Applying the rationale of the above mentioned case, to the instant case, the Police Officer’s testimony that he arrested defendant for attempted grand larceny in the second degree, a felony, was insufficient to prove escape from custody after being arrested for a felony. For the underlying offense pursuant to which defendant was in custody to amount to a felony, there must be some proof that the value of the property that defendant attempted to steal exceeded $1500 (Penal Law, §§ 110.00, 110.05, 155.35). The People must establish that defendant’s arrest was “authorized” (Penal Law, § 205.00, subd. 2). This is not to say, however, that a defendant’s guilt of the underlying offense must be proven beyond a reasonable doubt to convict him of escape in the second degree since that would contravene the language of sections 205.15 and 205.10 of the Penal Law. Thus, in view of the lack of proof of the value of the property that defendant attempted to steal, we reduce defendant’s conviction of escape in the second degree to one of escape in the third degree, a misdemeanor (Penal Law, § 205.05) and we remit the matter for resentencing on all counts of which defendant stands convicted.

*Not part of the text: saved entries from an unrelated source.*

(* A nonnegative function vanishing at an endpoint has an inward-pointing slope
   there: otherwise the mean value theorem on a short interval makes it negative. *)
Lemma nonneg_zero_right_deriv_nonpos (f df : R -> R) a b : a < b ->
  (forall x, a <= x <= b -> cont_within (fun y => a <= y <= b) f x) ->
  (forall x, a < x < b -> is_derive f x (df x)) ->
  cont_within (fun y => a <= y <= b) df b ->
  f b = 0 -> (forall x, a <= x <= b -> 0 <= f x) -> df b <= 0.
Proof.
  intros Hab Hf Hd Hdf Hb Hpos.
  destruct (Rle_lt_dec (df b) 0) as [ok|Hk]; auto. exfalso.
  destruct (Hdf (df b) Hk) as [d [Hd0 H1]].
  set (c := Rmax (b - d/2) ((a + b) / 2)).
  assert (Hc1 : b - d/2 <= c) by apply Rmax_l.
  assert (Hc2 : (a + b) / 2 <= c) by apply Rmax_r.
  assert (Hc : c < b) by (unfold c, Rmax; destruct Rle_dec; lra).
  clearbody c.
  destruct (MVT_cont_within f df c b Hc) as [m [Hm Hfm]].
  - intros x Hx. apply (cont_within_subset _ (fun y => a <= y <= b)); [intros; lra|].
    apply Hf; lra.
  - intros x Hx. apply Hd. lra.
  - assert (Hmp : Rabs (df m - df b) < df b)
      by (apply H1; [lra| rewrite Rabs_left; lra]).
    apply Rabs_def2 in Hmp. pose proof (Hpos c ltac:(lra)). nra.
Qed.

Lemma nonneg_zero_left_deriv_nonneg (f df : R -> R) a b : a < b ->
  (forall x, a <= x <= b -> cont_within (fun y => a <= y <= b) f x) ->
  (forall x, a < x < b -> is_derive f x (df x)) ->
  cont_within (fun y => a <= y <= b) df a ->
  f a = 0 -> (forall x, a <= x <= b -> 0 <= f x) -> 0 <= df a.
Proof.
  intros Hab Hf Hd Hdf Ha Hpos.
  destruct (Rle_lt_dec 0 (df a)) as [ok|Hk]; auto. exfalso.
  destruct (Hdf (- df a) ltac:(lra)) as [d [Hd0 H1]].
  set (c := Rmin (a + d/2) ((a + b) / 2)).
  assert (Hc1 : c <= a + d/2) by apply Rmin_l.
  assert (Hc2 : c <= (a + b) / 2) by apply Rmin_r.
  assert (Hc : a < c) by (unfold c, Rmin; destruct Rle_dec; lra).
  clearbody c.
  destruct (MVT_cont_within f df a c Hc) as [m [Hm Hfm]].
  - intros x Hx. apply (cont_within_subset _ (fun y => a <= y <= b)); [intros; lra|].
    apply Hf; lra.
  - intros x Hx. apply Hd. lra.
  - assert (Hmp : Rabs (df m - df a) < - df a)
      by (apply H1; [lra| rewrite Rabs_right; lra]).
    apply Rabs_def2 in Hmp. pose proof (Hpos c ltac:(lra)). nra.
Qed.

Lemma boundary_bounded T s c d : 0 <= c <= d -> d <= T ->
  cont_on (fun t => 0 <= t <= T) s -> exists M, 0 <= M /\ forall t, c <= t <= d -> Rabs (s t) <= M.
Proof.
  intros Hcd HdT Hs.
  destruct (cont_within_bounded s c d) as [M HM]; [lra| |].
  { intros x Hx. apply (cont_within_subset _ (fun t => 0 <= t <= T)); [intros; lra|].
    apply Hs; lra. }
  exists M. split; auto. pose proof (HM c ltac:(lra)). pose proof (Rabs_pos (s c)). lra.
Qed.

Section Region.

Variables (T c d : R) (s : R -> R) (A : R -> R -> Prop) (f : R -> R -> R).
Hypothesis c_d_T : 0 <= c <= d /\ d <= T.
Hypothesis s_cont : cont_on (fun t => 0 <= t <= T) s.
Hypothesis s_nonneg : forall t, 0 <= t <= T -> 0 <= s t.
Hypothesis region_A : forall x t, c <= t <= d -> 0 <= x <= s t -> A x t.
Hypothesis f_cont : cont2_on A f.

Lemma region_ext_continuous : jointly_continuous (clamp_ext f s c d).
Proof. apply (clamp_ext_continuous A f s T); auto; lra. Qed.

Lemma region_ext_bounded : exists B, 0 <= B /\
  forall x t, c <= t <= d -> Rabs (clamp_ext f s c d x t) <= B.
Proof.
  destruct (boundary_bounded T s c d) as [M [HM0 HM]]; try tauto.
  destruct (jointly_continuous_bounded _ 0 M c d region_ext_continuous HM0 ltac:(lra)) as [B HB].
  exists B. split.
  - pose proof (HB 0 c ltac:(lra) ltac:(lra)). pose proof (Rabs_pos (clamp_ext f s c d 0 c)). lra.
  - intros x t Ht. pose proof (s_nonneg t ltac:(lra)).
    rewrite clamp_ext_clamp by auto. apply HB; auto.
    pose proof (clamp_in 0 (s t) x H). pose proof (HM t Ht). pose proof (Rle_abs (s t)). lra.
Qed.
(* Setting. Fix integers $N,M,J\ge 1$, a time $t$, and dimensions $n_x,n_u,n,l$. The agent's predicted states obey $x_{t|t}=x_t$ (given) and $x_{k+1|t}=A_kx_{k|t}+B_ku_{k|t}+E_kw_{k|t}$ for $k=t,\dots,t+N-1$, with $x\in\mathbb{R}^{n_x}$, $u\in\mathbb{R}^{n_u}$, $w\in\mathbb{R}^{n_x}$. For $i=1,\dots,M$ the $i$-th obstacle's predicted states obey $o^i_{t|t}=o^i_t$ (given) and $o^i_{k+1|t}=T^i_ko^i_{k|t}+q^i_k+F^i_kn^i_{k|t}$; write $o_{k|t},n_{k|t}$ for the stacked vectors over $i$ and $T_k,F_k$ (block diagonal), $q_k$ (stacked) for the combined obstacle dynamics. Nominal obstacle states are $\bar o_{t|t}=o_t$, $\bar o_{k+1|t}=T_k\bar o_{k|t}+q_k$, with components $\bar o^i_{k|t}$. The inputs are given by the policy $$u_{k|t}=h_{k|t}+\sum_{l=t}^{k-1}M_{l,k|t}w_{l|t}+K_{k|t}(o_{k|t}-\bar o_{k|t}),\quad k=t,\dots,t+N-1,$$ with parameters $\boldsymbol\theta_t=(\{h_{k|t}\},\{M_{l,k|t}\},\{K_{k|t}\})$. Let $\bar x_{t|t}=x_t$, $\bar x_{k+1|t}=A_k\bar x_{k|t}+B_kh_{k|t}$ be the nominal (noise-free) agent trajectory. Let $\mathbf{w}_t=[w_{t|t}^\top\cdots w_{t+N-1|t}^\top]^\top$, $\mathbf{n}_t=[n_{t|t}^\top\cdots n_{t+N-1|t}^\top]^\top$, $\mathbf{v}_t=[w_{t|t}^\top\ n_{t|t}^\top\cdots w_{t+N-1|t}^\top\ n_{t+N-1|t}^\top]^\top$, and let $\mathbf{P}$ be the permutation matrix with $[\mathbf{w}_t^\top\ \mathbf{n}_t^\top]^\top=\mathbf{P}\mathbf{v}_t$. Geometry and constraints: $\mathcal{K}\subset\mathbb{R}^l$ is a closed convex cone with non-empty interior and dual cone $\mathcal{K}^*$; $G,G^i\in\mathbb{R}^{l\times n}$, $g,g^i\in\mathbb{R}^l$; $R_k,R^i_k$ are given rotation matrices; $C\in\mathbb{R}^{n\times n_x}$, $c_t\in\mathbb{R}^n$; $F^x_j\in\mathbb{R}^{1\times n_x}$, $F^u_j\in\mathbb{R}^{1\times n_u}$, $f_j\in\mathbb{R}$ for $j=1,\dots,J$. Dual variables are $\lambda^i_{k|t},\nu^i_{k|t}\in\mathbb{R}^l$ for $k=t+1,\dots,t+N$, $i=1,\dots,M$. Say that the constraints (CA) and (XU) hold if (CA) for all $k\in\{t+1,\dots,t+N\}$, $i\in\{1,\dots,M\}$: $\lambda^i_{k|t},\nu^i_{k|t}\in\mathcal{K}^*$, $\|\lambda^{i\top}_{k|t}GR_k^\top\|_2\le1$, $\lambda^{i\top}_{k|t}GR_k^\top=-\nu^{i\top}_{k|t}G^iR_k^{i\top}$, and $\lambda^{i\top}_{k|t}\big(GR_k^\top(C(x_{k|t}-o^i_{k|t})+c_t)+g\big)<-\nu^{i\top}_{k|t}g^i$; (XU) for all $k\in\{t,\dots,t+N-1\}$, $j\in\{1,\dots,J\}$: $F^x_jx_{k+1|t}+F^u_ju_{k|t}\le f_j$. Define, for $k\in\{t,\dots,t+N\}$, $i$, $j$: $Y^i_{k|t}=-\lambda^{i\top}_{k|t}g-\nu^{i\top}_{k|t}g^i-\lambda^{i\top}_{k|t}GR_k^\top c_t-\lambda^{i\top}_{k|t}GR_k^\top C(\bar x_{k|t}-\bar o^i_{k|t})$; $Z^i_{k|t}$ the row vector such that $\lambda^{i\top}_{k|t}GR_k^\top C(x_{k|t}-o^i_{k|t})=\lambda^{i\top}_{k|t}GR_k^\top C(\bar x_{k|t}-\bar o^i_{k|t})+Z^i_{k|t}[\mathbf{w}_t^\top\ \mathbf{n}_t^\top]^\top$ for all noise values; $\bar Y^j_{k|t}=f_j-F^x_j\bar x_{k+1|t}-F^u_jh_{k|t}$; $\bar Z^j_{k|t}$ the row vector such that $F^x_jx_{k+1|t}+F^u_ju_{k|t}=F^x_j\bar x_{k+1|t}+F^u_jh_{k|t}+\bar Z^j_{k|t}[\mathbf{w}_t^\top\ \mathbf{n}_t^\top]^\top$ for all noise values. (These are affine in $\boldsymbol\theta_t$ for fixed duals, bilinear jointly.) Conclusions. 1) Let $\Gamma$ be non-singular, $\gamma>0$, $\mathbf{\Gamma}=I_N\otimes\Gamma$. Then for given $(\boldsymbol\theta_t,\{\lambda^i_{k|t}\},\{\nu^i_{k|t}\})$, (CA) and (XU) hold for every $\mathbf{v}_t$ with $\|\mathbf{\Gamma}\mathbf{v}_t\|_\infty\le\gamma$ (i.e. each $[w_{k|t}^\top\ n_{k|t}^\top]^\top\in\{d\mid\|\Gamma d\|_\infty\le\gamma\}$) if and only if for all $k\in\{t,\dots,t+N-1\}$, $i$, $j$: $\lambda^i_{k+1|t},\nu^i_{k+1|t}\in\mathcal{K}^*$, $\|\lambda^{i\top}_{k+1|t}GR_{k+1}^\top\|_2\le1$, $\lambda^{i\top}_{k+1|t}GR_{k+1}^\top=-\nu^{i\top}_{k+1|t}G^iR^{i\top}_{k+1}$, $Y^i_{k+1|t}>\gamma\|Z^i_{k+1|t}\mathbf{P}\mathbf{\Gamma}^{-1}\|_1$, and $\bar Y^j_{k|t}-\gamma\|\bar Z^j_{k|t}\mathbf{P}\mathbf{\Gamma}^{-1}\|_1\ge0$. 2) Let $\Sigma$ be a covariance matrix, $\mathbf{\Sigma}=I_N\otimes\Sigma$, $\epsilon\in(0,1)$, and suppose $\mathbf{v}_t\sim\mathcal{N}(0,\mathbf{\Sigma})$ (i.e. the $[w_{k|t}^\top\ n_{k|t}^\top]^\top$ are i.i.d. $\mathcal{N}(0,\Sigma)$). Set $\gamma_{ca}=\Phi^{-1}(1-\frac{\epsilon}{2NM})$, $\gamma_{xu}=\Phi^{-1}(1-\frac{\epsilon}{2NJ})$, where $\Phi^{-1}$ is the quantile function of the standard normal distribution. If for all $k\in\{t,\dots,t+N-1\}$, $i$, $j$: $\lambda^i_{k+1|t},\nu^i_{k+1|t}\in\mathcal{K}^*$, $\|\lambda^{i\top}_{k+1|t}GR_{k+1}^\top\|_2\le1$, $\lambda^{i\top}_{k+1|t}GR_{k+1}^\top=-\nu^{i\top}_{k+1|t}G^iR^{i\top}_{k+1}$, $Y^i_{k+1|t}>\gamma_{ca}\|Z^i_{k+1|t}\mathbf{P}\mathbf{\Sigma}^{1/2}\|_2$, and $\bar Y^j_{k|t}\ge\gamma_{xu}\|\bar Z^j_{k|t}\mathbf{P}\mathbf{\Sigma}^{1/2}\|_2$, then the probability that (CA) and (XU) both hold is at least $1-\epsilon$. 3) With $\mathbf{\Sigma}$, $\epsilon$ as in 2) but with $\gamma_{ca}=\sqrt{\frac{2NM-\epsilon}{\epsilon}}$, $\gamma_{xu}=\sqrt{\frac{2NJ-\epsilon}{\epsilon}}$: if the same conditions as in 2) hold, then for every probability distribution of $\mathbf{v}_t$ with $\mathbb{E}(\mathbf{v}_t)=0$ and $\mathbb{E}(\mathbf{v}_t\mathbf{v}_t^\top)=\mathbf{\Sigma}$, the probability that (CA) and (XU) both hold is at least $1-\epsilon$.
   Context: $\mathcal{K}^*=\{y\mid y^\top x\ge0\ \forall x\in\mathcal{K}\}$. $\mathbf{\Sigma}^{1/2}$ denotes the symmetric positive semidefinite square root. $\otimes$ is the Kronecker product. Here $\lambda^i_{k|t},\nu^i_{k|t}$ and the policy parameters are deterministic decision variables (not depending on the noise), while $x_{k|t},u_{k|t},o_{k|t}$ are the closed-loop predicted quantities, which are affine functions of the noise vector $\mathbf{v}_t$. In the paper, the sets described in parts 1), 2)–3) are called $\mathcal{F}_t(\mathbf{D1})$, $\mathcal{F}_t(\mathbf{D2})$, $\mathcal{F}_t(\mathbf{D3})$ (the latter two being inner-approximations of the chance-constrained feasible sets). *)

From HB Require Import structures.
From mathcomp Require Import all_boot all_order all_algebra.
From mathcomp Require Import all_classical all_reals all_analysis.
Set Implicit Arguments.
Unset Strict Implicit.
Unset Printing Implicit Defensive.
Import Order.TTheory GRing.Theory Num.Theory.
Import numFieldNormedType.Exports.
Local Open Scope classical_set_scope.
Local Open Scope ring_scope.
(* There is a universal constant $c>0$ such that for all sufficiently large $T$ and every (possibly randomized) forecasting algorithm $\mathcal{A}$ the following holds. Run $\mathcal{A}$ for $T$ steps on outcomes $x_1,\ldots,x_T$ that are independent $\mathrm{Bernoulli}(1/2)$ bits, and let $S_t = \sum_{t'=1}^t (x_{t'} - p_{t'})$ for $t \in [T]$. Then at least one of the following holds: $\Pr[\max_{t \in [T]} |S_t| \ge c\,T^{1/3}] \ge c$, or $\mathbb{E}[\mathsf{smCE}(x,p)] \ge c\,T^{1/3}$, where probability and expectation are over the random bits and the randomness of $\mathcal{A}$.
   Context: A forecasting algorithm chooses each prediction $p_t \in [0,1]$ as a (possibly randomized) function of $x_1,\ldots,x_{t-1}, p_1,\ldots,p_{t-1}$, before $x_t$ is revealed. $\mathsf{smCE}(x,p) = \sup_{f \in \mathcal{F}} \sum_{t=1}^T f(p_t)(x_t - p_t)$, where $\mathcal{F}$ is the family of $1$-Lipschitz functions from $[0,1]$ to $[-1,1]$. *)

From HB Require Import structures.
From mathcomp Require Import all_boot all_order all_algebra.
From mathcomp Require Import all_classical all_reals all_analysis.
Set Implicit Arguments. Unset Strict Implicit. Unset Printing Implicit Defensive.
Import Order.TTheory GRing.Theory Num.Theory.
Local Open Scope ring_scope.

(* The family F: 1-Lipschitz functions [0,1] -> [-1,1]
   (represented as functions R -> R; only values on [0,1] matter). *)
Definition lip_family (R : realType) (f : R -> R) : Prop :=
  (forall u v : R, 0 <= u <= 1 -> 0 <= v <= 1 -> `|f u - f v| <= `|u - v|) /\
  (forall u : R, 0 <= u <= 1 -> `|f u| <= 1).

Definition smCE (R : realType) (T : nat) (x p : 'I_T -> R) : R :=
  sup [set s : R | exists f : R -> R, lip_family f /\
                     s = \sum_(t < T) f (p t) * (x t - p t)].

(* A (possibly randomized) forecaster with random tape w in Omega: the
   prediction at time t is alg w [:: x_1; ...; x_{t}] (prefix of length t
   of past outcomes).  Past predictions are themselves functions of w and the
   past outcomes, so they need not be passed explicitly. *)
Definition prediction (Omega : Type) (R : realType) (T : nat)
  (alg : Omega -> seq bool -> R) (x : {ffun 'I_T -> bool}) (w : Omega)
  (t : 'I_T) : R :=
  alg w (map x (take t (enum 'I_T))).

Definition outcome (R : realType) (T : nat) (x : {ffun 'I_T -> bool})
  (t : 'I_T) : R := (x t)%:R.

(* S_{t+1} = sum_{t' <= t} (x_{t'} - p_{t'})  (0-indexed t) *)
Definition partial_bias (R : realType) (T : nat) (x p : 'I_T -> R)
  (t : 'I_T) : R := \sum_(i < T | (i <= t)%N) (x i - p i).

(* Fix the forecaster's random tape, so that p_t is a function of x_1, ..., x_(t-1), and
   split x_t - p_t = (x_t - 1/2) - (p_t - 1/2).  Stop the walk S as soon as |S_t| reaches
   del = T^(1/3)/32 and let a_t be the indicator that it has not stopped before t.  On a block
   of L consecutive rounds the stopped noise sum_t a_t (x_t - 1/2) is a martingale, so its
   second moment is E[sum_t a_t]/4 >= (L/4) Pr[never stopped].  It is also the sum of a
   stopped increment of S, bounded by 2 (del + 1), and sum_t a_t (p_t - 1/2), whose square is
   at most L sum_t (p_t - 1/2)^2 by Cauchy-Schwarz.  Summing over n ~ T^(1/3) disjoint blocks
   of length L ~ T^(2/3) gives E sum_t (p_t - 1/2)^2 >~ T^(1/3) unless the walk stops with
   constant probability.  Finally E sum_t (p_t - 1/2)^2 = E sum_t (1/2 - p_t)(x_t - p_t), the
   correlation of the 1-Lipschitz test u |-> 1/2 - u, which is at most E smCE. *)

From HB Require Import structures.
From mathcomp Require Import all_boot all_order all_algebra.
From mathcomp Require Import all_classical all_reals all_analysis.
From mathcomp Require Import measurable_realfun ring lra.
Import Order.TTheory GRing.Theory Num.Theory.
Local Open Scope ring_scope.
Local Open Scope classical_set_scope.

Set Implicit Arguments. Unset Strict Implicit. Unset Printing Implicit Defensive.

Definition bit (R : realType) (s : seq bool) (t : nat) : R := (nth false s t)%:R.

Definition noise (R : realType) (s : seq bool) (t : nat) : R := bit R s t - 2^-1.

Lemma bit_take (R : realType) s t u : (u < t)%N -> bit R (take t s) u = bit R s u.
Proof. by move=> ut; rewrite /bit nth_take. Qed.

Lemma noise_sqr (R : realType) s t : noise R s t ^+ 2 = 4^-1.
Proof. by rewrite /noise /bit; case: (nth false s t) => /=; field. Qed.

Lemma nth_codom_ord T (x : {ffun 'I_T -> bool}) (i : 'I_T) : nth false (codom x) i = x i.
Proof. by rewrite codomE (nth_map i) ?size_enum_ord // nth_ord_enum. Qed.

Lemma card_bool_cube T : #|{ffun 'I_T -> bool}| = (2 ^ T)%N.
Proof. by rewrite card_ffun card_bool card_ord. Qed.

Lemma natr_bool_sqr (R : numDomainType) (b : bool) : (b%:R : R) ^+ 2 = b%:R.
Proof. by case: b; rewrite ?expr0n ?expr1n. Qed.

Lemma take_codom_eq T t (x y : {ffun 'I_T -> bool}) :
  (forall j : 'I_T, (j < t)%N -> x j = y j) -> take t (codom x) = take t (codom y).
Proof.
move=> xy; apply: (@eq_from_nth _ false) => [|i]; first by rewrite !size_take_min !size_codom.
rewrite size_take_min size_codom card_ord leq_min => /andP[it iT].
by rewrite !nth_take // -[i]/(val (Ordinal iT)) !nth_codom_ord xy.
Qed.

(* Flipping bit [t] is an involution of the cube that fixes [G] and negates the noise at [t]. *)
Lemma sum_causal_mul_noise (R : realType) T t (G : seq bool -> R) : (t < T)%N ->
  (forall s, G s = G (take t s)) ->
  \sum_(x : {ffun 'I_T -> bool}) G (codom x) * noise R (codom x) t = 0.
Proof.
move=> tT causalG; set i := Ordinal tT.
pose flip (x : {ffun 'I_T -> bool}) := [ffun j => if j == i then ~~ x j else x j].
have flipK : involutive flip.
  by move=> x; apply/ffunP => j; rewrite !ffunE; case: eqP => // _; rewrite negbK.
have take_flip x : take t (codom (flip x)) = take t (codom x).
  by apply: take_codom_eq => j jt; rewrite ffunE ifN //; apply: contraTneq jt => ->; rewrite ltnn.
have noise_flip x : noise R (codom (flip x)) t = - noise R (codom x) t.
  by rewrite /noise /bit -[t]/(val i) !nth_codom_ord ffunE eqxx; case: (x i) => /=; lra.
set S := \sum_x _; suff : S = - S by lra.
rewrite {1}/S (reindex_inj (inv_inj flipK)) -sumrN; apply: eq_bigr => x _.
by rewrite causalG take_flip -causalG noise_flip mulrN.
Qed.

Lemma sum_sqr_causal_noise (R : realType) T (a : seq bool -> nat -> R) lo L :
  (lo + L <= T)%N -> (forall s t, a s t = a (take t s) t) ->
  \sum_(x : {ffun 'I_T -> bool})
     (\sum_(lo <= t < lo + L) a (codom x) t * noise R (codom x) t) ^+ 2 =
  \sum_(x : {ffun 'I_T -> bool}) \sum_(lo <= t < lo + L) a (codom x) t ^+ 2 / 4.
Proof.
move=> + causal_a; elim: L => [|L IH] hT.
  by apply: eq_bigr => x _; rewrite addn0 !big_geq // expr0n.
rewrite addnS in hT *; set t := (lo + L)%N in hT IH *.
pose M s := \sum_(lo <= u < t) a s u * noise R s u.
have M_causal s : M s = M (take t s).
  apply: eq_big_nat => u /andP[_ ut].
  by rewrite /noise bit_take // [in RHS]causal_a take_takel ?(ltnW ut) // -causal_a.
have a_causal s : 2 * M s * a s t = 2 * M (take t s) * a (take t s) t.
  by rewrite -M_causal -causal_a.
transitivity (\sum_(x : {ffun 'I_T -> bool})
   (M (codom x) ^+ 2 + a (codom x) t ^+ 2 / 4 +
    2 * M (codom x) * a (codom x) t * noise R (codom x) t)).
  apply: eq_bigr => x _; rewrite big_nat_recr ?leq_addr //=.
  by rewrite sqrrD exprMn noise_sqr /M /=; ring.
rewrite big_split /= (@sum_causal_mul_noise R T t (fun s => 2 * M s * a s t) hT a_causal).
rewrite addr0 big_split /= /M (IH (ltnW hT)) -big_split.
by apply: eq_bigr => x _; rewrite [in RHS]big_nat_recr ?leq_addr.
Qed.

Lemma sqr_sum_le (R : realFieldType) (m n : nat) (u : nat -> R) :
  (\sum_(m <= i < n) u i) ^+ 2 <= (n - m)%:R * \sum_(m <= i < n) u i ^+ 2.
Proof.
have am_gm i j : 2 * (u i * u j) <= u i ^+ 2 + u j ^+ 2.
  by have := sqr_ge0 (u i - u j); lra.
rewrite -(@ler_pM2l _ 2) // expr2 big_distrlr /= mulr_sumr.
apply: (@le_trans _ _ (\sum_(m <= i < n) \sum_(m <= j < n) (u i ^+ 2 + u j ^+ 2))).
  by apply: ler_sum => i _; rewrite mulr_sumr; apply: ler_sum => j _.
rewrite (eq_bigr (fun i => u i ^+ 2 *+ (n - m) + \sum_(m <= j < n) u j ^+ 2)).
  by rewrite big_split /= sumr_const_nat sumrMnl -mulr2n !mulr_natl.
by move=> i _; rewrite big_split /= sumr_const_nat.
Qed.

Section Forecaster.
Variables (R : realType) (f : seq bool -> R).

Definition forecast s t : R := f (take t s).

Definition residual s t : R := bit R s t - forecast s t.

Definition bias s j : R := \sum_(0 <= t < j) residual s t.

Definition unstopped (del : R) s t : bool :=
  all (fun j => `|bias s j.+1| < del) (iota 0 t).

Definition witness_gain T s : R :=
  \sum_(0 <= t < T) (2^-1 - forecast s t) * residual s t.

Lemma forecast_take s t u : (u <= t)%N -> forecast (take t s) u = forecast s u.
Proof. by move=> ut; rewrite /forecast take_takel. Qed.

Lemma residual_take s t u : (u < t)%N -> residual (take t s) u = residual s u.
Proof. by move=> ut; rewrite /residual bit_take // forecast_take // ltnW. Qed.

Lemma bias_take s t j : (j <= t)%N -> bias (take t s) j = bias s j.
Proof.
by move=> jt; apply: eq_big_nat => u /andP[_ uj]; rewrite residual_take // (leq_trans uj jt).
Qed.

Lemma unstopped_take del s t u :
  (u <= t)%N -> unstopped del (take t s) u = unstopped del s u.
Proof.
move=> ut; apply: eq_in_all => j; rewrite mem_iota add0n => /andP[_ ju].
by rewrite bias_take // (leq_trans ju ut).
Qed.

Lemma unstoppedS del s t :
  unstopped del s t.+1 = unstopped del s t && (`|bias s t.+1| < del).
Proof. by rewrite /unstopped -[in iota 0 t.+1]addn1 iotaD all_cat /= add0n andbT. Qed.

Lemma unstopped_le del s t u : (t <= u)%N -> unstopped del s u -> unstopped del s t.
Proof. by move=> tu; rewrite /unstopped -(subnKC tu) iotaD all_cat => /andP[]. Qed.

Lemma bias_unstopped del s t : 0 <= del -> unstopped del s t -> `|bias s t| <= del.
Proof.
case: t => [del0 _|t _]; first by rewrite /bias big_geq ?normr0.
by rewrite unstoppedS => /andP[_ /ltW].
Qed.

Lemma sum_witness_gain T :
  \sum_(x : {ffun 'I_T -> bool}) witness_gain T (codom x) =
  \sum_(x : {ffun 'I_T -> bool}) \sum_(0 <= t < T) (forecast (codom x) t - 2^-1) ^+ 2.
Proof.
rewrite exchange_big [RHS]exchange_big /=; apply: eq_big_nat => t /andP[_ tT].
transitivity (\sum_(x : {ffun 'I_T -> bool})
  ((forecast (codom x) t - 2^-1) ^+ 2 -
   (forecast (codom x) t - 2^-1) * noise R (codom x) t)).
  by apply: eq_bigr => x _; rewrite /residual /noise; ring.
rewrite sumrB (@sum_causal_mul_noise R T t (fun s => forecast s t - 2^-1)) ?subr0 //.
by move=> s; rewrite forecast_take.
Qed.

Hypothesis f01 : forall s, 0 <= f s <= 1.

Accordingly, the court held that the judgment is modified, on the law, by reducing the conviction of escape in the second degree to one of escape in the third degree, and vacating the sentences imposed on all charges of which defendant stands convicted. As so modified, judgment affirmed, and matter remitted to the Supreme Court, Queens County, for resentencing. We have considered the defendant’s other contentions, including his assertion that there was no probable cause for his arrest, and we reject them.